On Thu, Jan 2, 2014 at 4:38 PM, Christian Kruse
<christian@2ndquadrant.com> wrote:

Hi,

On 02/01/14 10:02, Andres Freund wrote:

Christian's idea of a context line seems plausible to me. I don't
care for this implementation too much --- a global variable? Ick.

Yea, the data should be stored in ErrorContextCallback.arg instead.

Fixed.

I have looked into this patch. Below are some points which I
think should be improved in this patch:

1. New context added by this patch is display at wrong place
Session-1
Create table foo(c1 int);
insert into foo values(generate_series(1,10);
Begin;
update foo set c1 =11;

Session-2
postgres=# begin;
BEGIN
postgres=# update foo set val1 = 13 where val1=3;
Cancel request sent
ERROR: canceling statement due to user request
CONTEXT: relation name: foo (OID 57496)
tuple ctid (0,7)

Do this patch expect to print the context at cancel request
as well?
I don't find it useful. I think the reason is that after setup of
context, if any other error happens, it will display the newly setup
context.

2a. About the message:
LOG: process 1936 still waiting for ShareLock on transaction 842
after 1014.000ms
CONTEXT: relation name: foo (OID 57496)
tuple (ctid (0,1)): (1, 2, abc )

Isn't it better to display database name as well, as if we see in
one of related messages as below, it displays database name as well.

"LOG: process 3012 still waiting for ExclusiveLock on tuple (0,1) of
relation 57
499 of database 12045 after 1014.000 ms"

2b. I think there is no need to display *ctid* before tuple offset, it seems
to be obvious as well as consistent with other similar message.

3. About callback
I think rather than calling setup/tear down functions from multiple places,
it will be better to have wrapper functions for
XactTableLockWait() and MultiXactIdWait().

Just check in plpgsql_exec_function(), how the errorcallback is set,
can we do something similar without to avoid palloc?

I think we still need to see how to avoid issue mentioned in point-1.

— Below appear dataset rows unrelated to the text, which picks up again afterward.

(* Let $\nabla$ be the unique torsionless connection on $\mathcal E$ that is unitary with respect to the canonical metric $g$, and write $\nabla(e_i)=\sum_{j,k=1}^3e_j\otimes e_k\Gamma^i_{jk}$. Then $\Gamma^1_{32}=\Gamma^2_{13}=\Gamma^3_{21}=\tfrac12$, $\Gamma^1_{23}=\Gamma^2_{31}=\Gamma^3_{12}=-\tfrac12$, and all other $\Gamma^i_{jk}$ vanish; that is, $$\nabla(e_1)=\tfrac12(e_3\otimes e_2-e_2\otimes e_3),\ \nabla(e_2)=\tfrac12(e_1\otimes e_3-e_3\otimes e_1),\ \nabla(e_3)=\tfrac12(e_2\otimes e_1-e_1\otimes e_2).$$
   Context: Let $\mathcal O_3$ be the Cuntz algebra with three generators ($S_i^*S_i=1$, $\sum_jS_jS_j^*=1$), $\mathcal A$ the unital $*$-subalgebra generated by $S_1,S_2,S_3$. Let $\partial_1,\partial_2,\partial_3$ be the $*$-derivations of $\mathcal A$ with $\partial_1S_1=0,\ \partial_1S_2=-S_3,\ \partial_1S_3=S_2$; $\partial_2S_1=-S_3,\ \partial_2S_2=0,\ \partial_2S_3=S_1$; $\partial_3S_1=S_2,\ \partial_3S_2=-S_1,\ \partial_3S_3=0$. Let $\mathcal D=\sum_i\partial_i\otimes\sigma_i$ on $L^2(\mathcal O_3,\tau)\otimes\mathbb C^N$ ($\tau$ the KMS state, $\mathcal A$ acting by $a\otimes I$), with $\sigma_i$ mutually anticommuting involutions such that $\{\sigma_i\}$ and $\{I,\sigma_1\sigma_2,\sigma_1\sigma_3,\sigma_2\sigma_3\}$ are linearly independent. The Connes calculus: $\Omega^k_{\mathcal D}(\mathcal A)=\Pi(\Omega^k(\mathcal A))/\Pi(\delta J_0^{k-1})$ with $\Pi(a_0\delta a_1\cdots\delta a_k)=a_0[\mathcal D,a_1]\cdots[\mathcal D,a_k]$, $J_0^k=\ker\Pi\cap\Omega^k(\mathcal A)$, differential $d$ induced by $\delta$, product $m$ induced by multiplication. $\mathcal E=\Omega^1_{\mathcal D}(\mathcal A)$ is free with basis $e_i=1\otimes\sigma_i$, $ae_i=e_ia$; $m(e_i\otimes e_j)$ = class of $1\otimes\sigma_i\sigma_j$. A connection is a $\mathbb C$-linear $\nabla:\mathcal E\to\mathcal E\otimes_{\mathcal A}\mathcal E$ with $\nabla(\omega a)=\nabla(\omega)a+\omega\otimes da$; torsionless means $m\circ\nabla+d=0$. The canonical metric is the right $\mathcal A$-linear $g$ with $g(e_i\otimes e_ja)=\delta_{ij}a$. Unitarity with respect to $g$ means $\Pi_g(\nabla)=dg$, where $dg,\Pi_g(\nabla):\mathcal E\otimes_{\mathcal A}\mathcal E\to\mathcal E$ are right $\mathcal A$-linear with $dg(e_i\otimes e_j)=d(g(e_i\otimes e_j))$ and $\Pi_g(\nabla)(e_i\otimes e_j)=(g\otimes\mathrm{id})\sigma_{23}(\nabla(e_i)\otimes e_j+\nabla(e_j)\otimes e_i)$, where $\sigma_{23}(e_a\otimes e_b\otimes e_cx)=e_a\otimes e_c\otimes e_bx$ and $(g\otimes\mathrm{id})(e_a\otimes e_b\otimes e_cx)=g(e_a\otimes e_b)e_cx$. (Such a $\nabla$ exists and is unique.) *)

From HB Require Import structures.
From mathcomp Require Import all_boot all_order all_algebra.
Set Implicit Arguments. Unset Strict Implicit. Unset Printing Implicit Defensive.
Import GRing.Theory Num.Theory.
Local Open Scope ring_scope.

Definition I1 : 'I_3 := @Ordinal 3 0 isT.
Definition I2 : 'I_3 := @Ordinal 3 1 isT.
Definition I3 : 'I_3 := @Ordinal 3 2 isT.

Section CuntzCalculus.
Variables (C : numClosedFieldType) (A : algType C).

Definition is_star (st : A -> A) : Prop :=
  [/\ involutive st,
      (forall x y, st (x + y) = st x + st y),
      (forall x y, st (x * y) = st y * st x) &
      (forall (c : C) x, st (c *: x) = (Num.conj c) *: st x)].

Definition cuntz (st : A -> A) (S : 'I_3 -> A) : Prop :=
  (forall i j, st (S i) * S j = (i == j)%:R) /\
  \sum_(j < 3) S j * st (S j) = 1.

Definition generates (st : A -> A) (S : 'I_3 -> A) : Prop :=
  forall P : A -> Prop,
    P 1 ->
    (forall x y, P x -> P y -> P (x + y)) ->
    (forall (c : C) x, P x -> P (c *: x)) ->
    (forall x y, P x -> P y -> P (x * y)) ->
    (forall x, P x -> P (st x)) ->
    (forall i, P (S i)) ->
    forall a, P a.

Definition is_star_derivation (st : A -> A) (D : A -> A) : Prop :=
  [/\ (forall (c : C) x y, D (c *: x + y) = c *: D x + D y),
      (forall x y, D (x * y) = D x * y + x * D y) &
      (forall x, D (st x) = st (D x))].

Definition derivation_values (dd : 'I_3 -> A -> A) (S : 'I_3 -> A) : Prop :=
  [/\ [/\ dd I1 (S I1) = 0, dd I1 (S I2) = - S I3 & dd I1 (S I3) = S I2],
      [/\ dd I2 (S I1) = - S I3, dd I2 (S I2) = 0 & dd I2 (S I3) = S I1] &
      [/\ dd I3 (S I1) = S I2, dd I3 (S I2) = - S I1 & dd I3 (S I3) = 0]].

Variable N : nat.

Definition clifford (sig : 'I_3 -> 'M[C]_N) : Prop :=
  [/\ (forall i, sig i *m sig i = 1%:M),
      (forall i j, i != j -> sig i *m sig j = - (sig j *m sig i)),
      (forall c : 'I_3 -> C, \sum_i c i *: sig i = 0 -> forall i, c i = 0) &
      forall (c0 c12 c13 c23 : C),
        c0 *: 1%:M + c12 *: (sig I1 *m sig I2) + c13 *: (sig I1 *m sig I3)
          + c23 *: (sig I2 *m sig I3) = 0 ->
        [/\ c0 = 0, c12 = 0, c13 = 0 & c23 = 0]].

(* operators on L^2 (x) C^N are modelled by A (x) M_N(C) = M_N(A);
   a in A acts as a%:M, and sigma as the lifted scalar matrix *)
Definition liftm (M : 'M[C]_N) : 'M[A]_N := map_mx (fun c => c%:A) M.

Variables (dd : 'I_3 -> A -> A) (sig : 'I_3 -> 'M[C]_N).

(* [D, a] = sum_i partial_i(a) (x) sigma_i *)
Definition Dcomm (a : A) : 'M[A]_N := \sum_(i < 3) (dd i a)%:M *m liftm (sig i).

4. About the values of tuple
I think it might be useful to display some unique part of tuple for
debugging part, but what will we do incase there is no primary
key on table, so may be we can display initial few columns (2 or 3)
or just display tuple offset as is done in other similar message
shown above. More to the point, I have observed that in few cases
displaying values of tuple can be confusing as well. For Example:

Session-1
Create table foo(c1 int);
postgres=# insert into foo values(generate_series(1,3));
INSERT 0 3
postgres=# begin;
BEGIN
postgres=# update foo set c1 = 4;
UPDATE 3

Session-2
postgres=# update foo set c1=6;
LOG: process 1936 still waiting for ShareLock on transaction 884 after 1014.000
ms
CONTEXT: relation name: foo (OID 57499)
tuple (ctid (0,1)): (1)

Session-3
postgres=# begin;
BEGIN
postgres=# update foo set c1=5 where c1 =3;
LOG: process 3012 still waiting for ShareLock on transaction 884 after 1015.000
ms
CONTEXT: relation name: foo (OID 57499)
tuple (ctid (0,3)): (3)

Session-1
Commit;

Session-2
LOG: process 1936 acquired ShareLock on transaction 884 after 25294.000 ms
CONTEXT: relation name: foo (OID 57499)
tuple (ctid (0,1)): (1)
UPDATE 3

Session-3
LOG: process 3012 acquired ShareLock on transaction 884 after 13217.000 ms
CONTEXT: relation name: foo (OID 57499)
tuple (ctid (0,3)): (3)
LOG: process 3012 still waiting for ShareLock on transaction 885 after 1014.000
ms
CONTEXT: relation name: foo (OID 57499)
tuple (ctid (0,6)): (4)

Now here it will be bit confusing to display values with tuple,
as in session-3 statement has asked to update value (3), but we have started
waiting for value (4). Although it is right, but might not make much sense.
Also after session-2 commits the transaction, session-3 will say acquired lock,
however still it will not be able to update it.

With Regards,
Amit Kapila.
EnterpriseDB: http://www.enterprisedb.com

--
Sent via pgsql-hackers mailing list (pgsql-hackers@postgresql.org)
To make changes to your subscription:
http://www.postgresql.org/mailpref/pgsql-hackers

#15Christian Kruse
christian@2ndquadrant.com
In reply to: Amit Kapila (#14)
Re: Patch: show relation and tuple infos of a lock to acquire

Hi,

On 19.02.2014 08:11, Amit Kapila wrote:

I have looked into this patch. Below are some points which I
think should be improved in this patch:

Thank you for your review.

1. New context added by this patch is display at wrong place
[…]
Do this patch expect to print the context at cancel request
as well?
I don't find it useful. I think the reason is that after setup of
context, if any other error happens, it will display the newly setup
context.

To be honest, I don't see a problem here. If you cancel the request in
most cases it is because it doesn't finish in an acceptable time. So
displaying the context seems logical to me.

2a. About the message:
LOG: process 1936 still waiting for ShareLock on transaction 842
after 1014.000ms
CONTEXT: relation name: foo (OID 57496)
tuple (ctid (0,1)): (1, 2, abc )

Isn't it better to display database name as well, as if we see in
one of related messages as below, it displays database name as well.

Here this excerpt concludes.